Update README.md

794d38b verified about 1 month ago

8.37 kB

	---
	license: mit
	base_model:
	- bilalzafar/CentralBank-BERT
	pipeline_tag: token-classification
	tags:
	- NER
	- named-entity-recognition
	- central-bank
	- BIS
	- speeches
	- finance
	- economics
	- monetary policy
	datasets:
	- bilalzafar/BIS-Speeches-NER-dataset
	language:
	- en
	metrics:
	- f1
	- accuracy
	library_name: transformers
	---

	# Central Bank-BERT for Named Entity Recognition (NER)
	A domain-adapted BERT model ([`CentralBank-BERT`](https://huggingface.co/bilalzafar/CentralBank-BERT)) was fine-tuned for Named Entity Recognition (NER) in central banking discourse. The model automatically identifies and labels key entities in central bank speeches and related documents, focusing on three categories of interest:
	* AUTHOR / SPEAKER – the individual delivering the speech or statement
	* POSITION – the official title or role of the speaker (e.g., Governor, Deputy Governor, Board Member)
	* AFFILIATION – the institution or organization associated with the speaker (e.g., Bank of Japan, European Central Bank, Bank of England)
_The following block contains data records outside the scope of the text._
(* Let $M=M_{\bar0}\oplus M_{\bar1}$ be an $\mathcal{R}$-module which is free of rank $1$ as a $U(\eta)$-module, $\eta=\mathbb{C}L_{0,0}\oplus\mathbb{C}G_{0,0}$, with a homogeneous free generator $1\in M_{\bar0}$, so $M=\mathbb{C}[L_{0,0}]1\oplus G_{0,0}\mathbb{C}[L_{0,0}]1$. Write $f(t^2)1:=f(L_{0,0})1$ and $t1:=G_{0,0}1$. Suppose $\lambda\in\mathbb{C}^*$ and $a,b\in\mathbb{C}$ are such that for all $m\in\mathbb{Z}$, $i\in\mathbb{Z}_+$ and $f\in\mathbb{C}[t^2]$, $L_{m,i}f(t^2)1=\lambda^m(\delta_{i,0}(t^2-mqa)+\delta_{q,-1}\delta_{i,1}b)f(t^2-mq)1$. Then $G_{m,i}1=\lambda^m\delta_{i,0}\,t1$ (i.e. $G_{m,i}1=\lambda^m\delta_{i,0}G_{0,0}1$) for all $m\in\mathbb{Z}$ and $i\in\mathbb{Z}_+$.
   Context: Fix $q\in\mathbb{C}^*$; $\mathbb{Z}_+=\{0,1,2,\dots\}$; $\delta$ is the Kronecker delta. The Ramond-Block algebra $\mathcal{R}$ is the Lie superalgebra over $\mathbb{C}$ with even basis $\{L_{m,i}\mid m\in\mathbb{Z},i\in\mathbb{Z}_+\}$, odd basis $\{G_{l,j}\mid l\in\mathbb{Z},j\in\mathbb{Z}_+\}$ and brackets $[L_{m,i},L_{n,j}]=(n(i+q)-m(j+q))L_{m+n,i+j}$, $[L_{m,i},G_{l,j}]=(l(i+q)-m(j+\frac{q}{2}))G_{m+l,i+j}$, $[G_{l,i},G_{r,j}]=2qL_{l+r,i+j}$. Modules are supermodules. *)

From HB Require Import structures.
From mathcomp Require Import all_boot all_order all_algebra.
From mathcomp Require Import reals complex.
Set Implicit Arguments. Unset Strict Implicit. Unset Printing Implicit Defensive.
Import Order.TTheory GRing.Theory Num.Theory.
Local Open Scope ring_scope.

(* The complex numbers are modelled as R[i] for an arbitrary R : realType
   (every realType is a complete archimedean ordered field, i.e. the reals). *)

Section RamondBlock.
Variable K : fieldType.
Variable V : lmodType K.

Definition pol_act (A : V -> V) (f : {poly K}) (v : V) : V :=
  \sum_(k < size f) f`_k *: iter k A v.

Definition subspace (P : V -> Prop) : Prop :=
  P 0 /\ forall (c : K) (u w : V), P u -> P w -> P (c *: u + w).

Definition super_decomposition (V0 V1 : V -> Prop) : Prop :=
  [/\ subspace V0, subspace V1,
      (forall v, exists v0 v1, [/\ V0 v0, V1 v1 & v = v0 + v1])
    & (forall v, V0 v -> V1 v -> v = 0)].

(* Action of the basis elements L_{m,i} (even) and G_{l,j} (odd) of the
   Ramond-Block algebra R (parameter q) on the supermodule V = V0 (+) V1:
   parity compatibility and the super-bracket relations. *)
Definition RB_module (q : K) (V0 V1 : V -> Prop)
    (L G : int -> nat -> {linear V -> V}) : Prop :=
  super_decomposition V0 V1 /\
  [/\ (forall m i v, (V0 v -> V0 (L m i v)) /\ (V1 v -> V1 (L m i v))),
      (forall l j v, (V0 v -> V1 (G l j v)) /\ (V1 v -> V0 (G l j v))),
      (forall (m n : int) (i j : nat) v,
         L m i (L n j v) - L n j (L m i v) =
         (n%:~R * (i%:R + q) - m%:~R * (j%:R + q)) *: L (m + n) (i + j)%N v),
      (forall (m l : int) (i j : nat) v,
         L m i (G l j v) - G l j (L m i v) =
         (l%:~R * (i%:R + q) - m%:~R * (j%:R + q / 2)) *: G (m + l) (i + j)%N v)
    & (forall (l r : int) (i j : nat) v,
         G l i (G r j v) + G r j (G l i v) = (2 * q) *: L (l + r) (i + j)%N v)].

(* V is free of rank 1 over U(eta), eta = C L_{0,0} + C G_{0,0}, with free
   generator v1: the PBW basis of U(eta) is {L00^k, G00 L00^k}, so this says
   (f, g) |-> f(L00) v1 + G00 g(L00) v1 is a bijection C[x]^2 -> V. *)
Definition free_rank1_eta (L G : int -> nat -> {linear V -> V}) (v1 : V) : Prop :=
  bijective (fun fg : {poly K} * {poly K} =>
    pol_act (L 0 0%N) fg.1 v1 + G 0 0%N (pol_act (L 0 0%N) fg.2 v1)).

(* The polynomial  delta_{i,0}(t^2 - m q a) + delta_{q,-1} delta_{i,1} b
   in the variable x = t^2. *)
Definition Lcoef (q a b : K) (m : int) (i : nat) : {poly K} :=
  (i == 0%N)%:R *: ('X - (m%:~R * q * a)%:P)
  + (((q == -1) && (i == 1%N))%:R * b)%:P.

End RamondBlock.

From HB Require Import structures.
From mathcomp Require Import all_boot all_order all_algebra.
From mathcomp Require Import reals complex.
From mathcomp Require Import ring zify.
Set Implicit Arguments. Unset Strict Implicit. Unset Printing Implicit Defensive.
Import Order.TTheory GRing.Theory Num.Theory.
Local Open Scope ring_scope.

(* Write G_{m,i} 1 = G_{0,0} g(L_{0,0}) 1, which parity forces.  Since
   [L_{0,0}, G_{m,i}] = mq G_{m,i}, the operator G_{m,i} turns f(L_{0,0})
   into f(L_{0,0} - mq), and G_{0,0}^2 = q L_{0,0}.  Computing G_{m,i}^2 1
   once through [G_{0,0}, G_{m,i}] = 2q L_{m,i} and once as q L_{2m,2i} 1
   gives a polynomial identity between g and its shift g(x - mq) whose
   only solutions are g = lambda^m for i = 0 and g = 0 for i > 0. *)

Section PolAct.
Variables (K : fieldType) (V : lmodType K) (A : {linear V -> V}).

Lemma pol_act_widen (f : {poly K}) n v : (size f <= n)%N ->
  pol_act A f v = \sum_(k < n) f`_k *: iter k A v.
Proof.
move=> le_f_n; rewrite /pol_act (big_ord_widen n (fun k => f`_k *: iter k A v) le_f_n).
rewrite big_mkcond; apply: eq_bigr => k _; case: ifP => // /negbT.
by rewrite -leqNgt => /(nth_default 0) ->; rewrite scale0r.
Qed.

Lemma pol_act_lin c (f g : {poly K}) v :
  pol_act A (c *: f + g) v = c *: pol_act A f v + pol_act A g v.
Proof.
set n := maxn (size f) (size g).
have le_f : (size f <= n)%N by rewrite leq_maxl.
have le_g : (size g <= n)%N by rewrite leq_maxr.
have le_fg : (size (c *: f + g)%R <= n)%N.
  by rewrite (leq_trans (size_polyD _ _)) // geq_max (leq_trans (size_scale_leq _ _)).
rewrite !(pol_act_widen _ le_f, pol_act_widen _ le_g, pol_act_widen _ le_fg).
rewrite scaler_sumr -big_split; apply: eq_bigr => k _.
by rewrite coefD coefZ scalerDl scalerA.
Qed.

Lemma pol_act0 v : pol_act A 0 v = 0.
Proof. by rewrite /pol_act size_poly0 big_ord0. Qed.

Lemma pol_actD f g v : pol_act A (f + g) v = pol_act A f v + pol_act A g v.
Proof. by have := pol_act_lin 1 f g v; rewrite !scale1r. Qed.

Lemma pol_actZ c f v : pol_act A (c *: f) v = c *: pol_act A f v.
Proof. by have := pol_act_lin c f 0 v; rewrite !addr0 pol_act0 addr0. Qed.

Lemma pol_actB f g v : pol_act A (f - g) v = pol_act A f v - pol_act A g v.
Proof. by rewrite pol_actD -(scaleN1r g) pol_actZ scaleN1r. Qed.

Lemma pol_actC c v : pol_act A c%:P v = c *: v.
Proof.
rewrite (pol_act_widen _ (size_polyC_leq1 c)) big_ord_recl big_ord0 addr0.
by rewrite coefC.
Qed.

Lemma pol_act1 v : pol_act A 1 v = v.
Proof. by rewrite -polyC1 pol_actC scale1r. Qed.

Lemma pol_actXM f v : pol_act A ('X * f) v = A (pol_act A f v).
Proof.
have le_Xf : (size ('X * f)%R <= (size f).+1)%N.
  by rewrite (leq_trans (size_polyMleq _ _)) // size_polyX.
rewrite (pol_act_widen _ le_Xf) big_ord_recl coefXM eqxx scale0r add0r.
by rewrite linear_sum; apply: eq_bigr => k _; rewrite coefXM /= linearZ.
Qed.

Lemma pol_act_MXaddC p c v :
  pol_act A (p * 'X + c%:P) v = A (pol_act A p v) + c *: v.
Proof. by rewrite pol_actD mulrC pol_actXM pol_actC. Qed.

Lemma pol_act_scaler f c v : pol_act A f (c *: v) = c *: pol_act A f v.
Proof.
elim/poly_ind: f => [|p d IHp]; first by rewrite !pol_act0 scaler0.
by rewrite !pol_act_MXaddC IHp linearZ scalerDr !scalerA mulrC.
Qed.

Lemma pol_actM f g v : pol_act A f (pol_act A g v) = pol_act A (f * g) v.
Proof.
elim/poly_ind: f => [|p d IHp]; first by rewrite mul0r !pol_act0.
rewrite pol_act_MXaddC IHp mulrDl pol_actD mul_polyC pol_actZ.
by rewrite mulrAC (mulrC (p * g)) pol_actXM.
Qed.

Lemma pol_act_closed (P : V -> Prop) f v : subspace P ->
  (forall w, P w -> P (A w)) -> P v -> P (pol_act A f v).
Proof.
move=> [P0 PS] PA Pv; elim/poly_ind: f => [|p d IHp]; first by rewrite pol_act0.
by rewrite pol_act_MXaddC addrC; apply: PS => //; apply: PA.
Qed.

Lemma pol_act_shift (T : {linear V -> V}) s f v :
  (forall w, T (A w) = A (T w) - s *: T w) ->
  T (pol_act A f v) = pol_act A (f \Po ('X - s%:P)) (T v).
Proof.
move=> TA; elim/poly_ind: f => [|p c IHp].
  by rewrite comp_poly0 !pol_act0 linear0.
rewrite pol_act_MXaddC linearD linearZ /= TA IHp.
rewrite comp_polyD comp_polyM comp_polyX comp_polyC mulrBr pol_actD pol_actB.
by rewrite pol_actC mulrC pol_actXM mulrC mul_polyC pol_actZ.
Qed.

End PolAct.

Section OddSquare.
Variable K : fieldType.

(* If G_{m,i} 1 = G_{0,0} g(L_{0,0}) 1 and L_{m,i} f(L_{0,0}) 1 is
   mu ell(L_{0,0}) f(L_{0,0} - s) 1, then G_{m,i}^2 1 = q odd_square(L_{0,0}) 1. *)
Definition odd_square (mu : K) (ell : {poly K}) (s : K) (g : {poly K}) :=
  (2 * mu) *: (ell * (g \Po ('X - s%:P))) - (g \Po ('X - s%:P)) * ('X * g).

Lemma odd_squareE mu ell s g :
  odd_square mu ell s g = (g \Po ('X - s%:P)) * ((2 * mu) *: ell - 'X * g).
Proof. by rewrite /odd_square scalerAl (mulrC _ (_ \Po _)) -mulrBr. Qed.

Lemma odd_square_eq0 mu c s g : odd_square mu c%:P s g = 0 -> g = 0.
Proof.
rewrite odd_squareE => /eqP; rewrite mulf_eq0 => /orP[].
  by rewrite comp_poly2_eq0 ?size_XsubC // => /eqP.
rewrite subr_eq0 scale_polyC => /eqP Xg_const.
have : ('X * g)`_0 = 0 by rewrite coefXM.
rewrite -Xg_const coefC /= => const0.
by move/eqP: Xg_const; rewrite const0 eq_sym mulf_eq0 polyX_eq0 => /eqP.
Qed.

Lemma odd_square_size_le1 mu c s e g : mu != 0 ->
  odd_square mu ('X - c%:P) s g = (mu * mu) *: ('X - e%:P) -> (size g <= 1)%N.
Proof.
move=> mu_neq0; rewrite odd_squareE => E.
have size_rhs : size ((mu * mu) *: ('X - e%:P)) = 2.
  by rewrite size_scale ?mulf_neq0 // size_XsubC.
set h := (2 * mu) *: _ - _ in E.
have [g0 | g_neq0] := eqVneq g 0; first by rewrite g0 size_poly0.
have h_neq0 : h != 0.
  by apply: contra_eqN size_rhs => /eqP h0; rewrite -E h0 mulr0 size_poly0.
have size_shift : size (g \Po ('X - s%:P)) = size g.
  by rewrite size_comp_poly2 // size_XsubC.
rewrite leqNgt; apply/negP => size_g_gt1.
have size_h : size h = (size g).+1.
  rewrite /h addrC size_polyDl size_polyN (mulrC 'X) size_mulX //.
  by rewrite (leq_ltn_trans (size_scale_leq _ _)) // size_XsubC.
move: size_rhs; rewrite -E size_mul // ?size_h ?size_shift; first lia.
by rewrite -size_poly_eq0 size_shift size_poly_eq0.
Qed.

Lemma odd_square_eqXsubC mu c s e g : mu != 0 ->
  odd_square mu ('X - c%:P) s g = (mu * mu) *: ('X - e%:P) -> g = mu%:P.
Proof.
move=> mu_neq0 E; have := odd_square_size_le1 mu_neq0 E.
move=> /size1_polyC g_const; rewrite g_const; congr _%:P.
move: E; rewrite /odd_square g_const comp_polyC => /(congr1 (coefp 1)) /=.
rewrite !coefE /= !subr0 !mulr1 !mul1r => coef1.
have : (g`_0 - mu) ^+ 2 = mu * mu - (2 * mu * g`_0 - g`_0 * g`_0) by ring.
by rewrite coef1 subrr => /eqP; rewrite sqrf_eq0 subr_eq0 => /eqP.
Qed.

End OddSquare.

Section Lcoef.
Variables (K : fieldType) (q a b : K) (m : int).

Lemma Lcoef0 : Lcoef q a b m 0 = 'X - (m%:~R * q * a)%:P.
Proof. by rewrite /Lcoef eqxx scale1r andbF mul0r addr0. Qed.

Lemma LcoefS i : Lcoef q a b m i.+1 = (((q == -1) && (i == 0%N))%:R * b)%:P.
Proof. by rewrite /Lcoef scale0r add0r. Qed.

Lemma Lcoef_gt1 i : (1 < i)%N -> Lcoef q a b m i = 0.
Proof. by case: i => [|[|i]] // _; rewrite LcoefS andbF mul0r. Qed.

End Lcoef.

Section RBModule.
Variables (K : fieldType) (V : lmodType K) (q : K) (V0 V1 : V -> Prop).
Variables (L G : int -> nat -> {linear V -> V}).
Hypothesis RB : RB_module q V0 V1 L G.

Local Notation L00 := (L 0 0%N).
Local Notation G00 := (G 0 0%N).

Lemma G_L00 m i w : G m i (L00 w) = L00 (G m i w) - (m%:~R * q) *: G m i w.
Proof.
have [_ [_ _ _ LG _]] := RB.
have := LG 0 m 0%N i w; rewrite add0r add0n mulr0z mul0r subr0 add0r => <-.
by rewrite opprB addrC subrK.
Qed.

Lemma G_pol_act m i f v :
  G m i (pol_act L00 f v) = pol_act L00 (f \Po ('X - (m%:~R * q)%:P)) (G m i v).
Proof. exact/pol_act_shift/G_L00. Qed.

Lemma G00_pol_act f v : G00 (pol_act L00 f v) = pol_act L00 f (G00 v).
Proof. by rewrite G_pol_act mulr0z mul0r subr0 comp_polyXr. Qed.

Lemma G_G00 m i w : G m i (G00 w) = (2 * q) *: L m i w - G00 (G m i w).
Proof.
have [_ [_ _ _ _ GG]] := RB.
by have := GG 0 m 0%N i w; rewrite add0r add0n => <-; rewrite addrC addKr.
Qed.

Hypothesis two_neq0 : (2 : K) != 0.

Lemma G_sqr m i w : G m i (G m i w) = q *: L (m + m) (i + i) w.
Proof.
have [_ [_ _ _ _ GG]] := RB.
apply: (scalerI two_neq0); rewrite scalerA -GG.
by rewrite scaler_nat mulr2n.
Qed.

Variables (v1 : V) (lambda a b : K).
Hypotheses (v1_even : V0 v1) (free : free_rank1_eta L G v1).
Hypothesis L_action : forall (m : int) (i : nat) (f : {poly K}),
  L m i (pol_act L00 f v1) =
  pol_act L00 (lambda ^ m *: (Lcoef q a b m i * (f \Po ('X - (m%:~R * q)%:P)))) v1.

Lemma pol_act_generator_inj : injective (fun f => pol_act L00 f v1).
Proof.
move=> f g /= E; have := bij_inj free (x1 := (f, 0)) (x2 := (g, 0)).
by rewrite /= !pol_act0 !linear0 !addr0 => /(_ E) [].
Qed.

Lemma G_generator_odd m i : exists g, G m i v1 = G00 (pol_act L00 g v1).
Proof.
have [[V0sub V1sub _ V0V1_eq0] [Leven Godd _ _ _]] := RB.
have even_pol_act h : V0 (pol_act L00 h v1).
  by apply: pol_act_closed => // w; case: (Leven 0 0%N w).
have [inv_fg _ inv_fgK] := free.
move: (inv_fgK (G m i v1)); case: (inv_fg _) => f g /= Gv1; exists g.
have odd_f : V1 (pol_act L00 f v1).
  have -> : pol_act L00 f v1 = (-1) *: G00 (pol_act L00 g v1) + G m i v1.
    by rewrite -Gv1 scaleN1r addrC addrK.
  by apply: V1sub.2; [apply: (Godd 0 0%N _).1 | apply: (Godd m i _).1].
by rewrite -Gv1 (V0V1_eq0 _ (even_pol_act f) odd_f) add0r.
Qed.

Hypothesis q_neq0 : q != 0.

Lemma odd_square_generator m i g : G m i v1 = G00 (pol_act L00 g v1) ->
  odd_square (lambda ^ m) (Lcoef q a b m i) (m%:~R * q) g =
  lambda ^ (m + m) *: Lcoef q a b (m + m) (i + i).
Proof.
move=> Gv1; apply: pol_act_generator_inj => /=; apply: (scalerI q_neq0).
transitivity (G m i (G m i v1)); last first.
  by rewrite G_sqr -{1}(pol_act1 L00 v1) L_action -polyC1 comp_polyC mulr1 pol_actZ.
rewrite Gv1 G_G00 L_action G_pol_act Gv1 G00_pol_act G_sqr addr0 addn0.
rewrite pol_act_scaler -pol_actXM pol_actM.
by rewrite /odd_square pol_actB !pol_actZ scalerBr !scalerA mulrCA mulrA.
Qed.

End RBModule.

Theorem lemma3p4 (R : realType) (q : R[i]) (V : lmodType R[i])
    (V0 V1 : V -> Prop) (L G : int -> nat -> {linear V -> V}) (v1 : V)
    (lambda a b : R[i]) :
  q != 0 ->
  RB_module q V0 V1 L G ->
  V0 v1 ->
  free_rank1_eta L G v1 ->
  lambda != 0 ->
  (forall (m : int) (i : nat) (f : {poly R[i]}),
     L m i (pol_act (L 0 0%N) f v1) =
     pol_act (L 0 0%N)
       (lambda ^ m *: (Lcoef q a b m i * (f \Po ('X - (m%:~R * q)%:P)))) v1) ->
  forall (m : int) (i : nat),
    G m i v1 = (lambda ^ m * (i == 0%N)%:R) *: G 0 0%N v1.
Proof.
move=> q_neq0 RB v1_even free lambda_neq0 L_action m i.
have two_neq0 : (2 : R[i]) != 0 by rewrite pnatr_eq0.
have [g Gv1] := G_generator_odd RB v1_even free m i.
have := odd_square_generator RB two_neq0 free L_action q_neq0 Gv1.
rewrite expfzDr //; case: i Gv1 => [|i] Gv1.
  rewrite !Lcoef0 => /(odd_square_eqXsubC (expfz_neq0 m lambda_neq0)) g_const.
  by rewrite Gv1 g_const pol_actC linearZ mulr1.
rewrite LcoefS Lcoef_gt1 ?scaler0; last by rewrite addnS.
by move=> /odd_square_eq0 g0; rewrite Gv1 g0 pol_act0 linear0 mulr0 scale0r.
Qed.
	The COUNTRY label was not explicitly modeled, since this information can be reliably inferred from the affiliation of the central bank.

	## Data
	* Source: BIS database of central bank speeches (1996–2024)
	* Corpus Size: 17,648 speeches with 1,961 held out for validation.
	* Input Field: Speech descriptions, which typically contain a short speech title along with the name, position, and institutional affiliation of the speaker.

	Annotation Process:
	1. A subset of short speech descriptions was manually annotated with entity spans for Author, Position, and Affiliation.
	2. This annotated subset was used to train an initial NER model.
	3. The model was then applied to the larger dataset (1996–2024) to generate preliminary labels.
	4. All generated labels were manually reviewed and corrected, ensuring complete and consistent annotation across the entire corpus of available speeches.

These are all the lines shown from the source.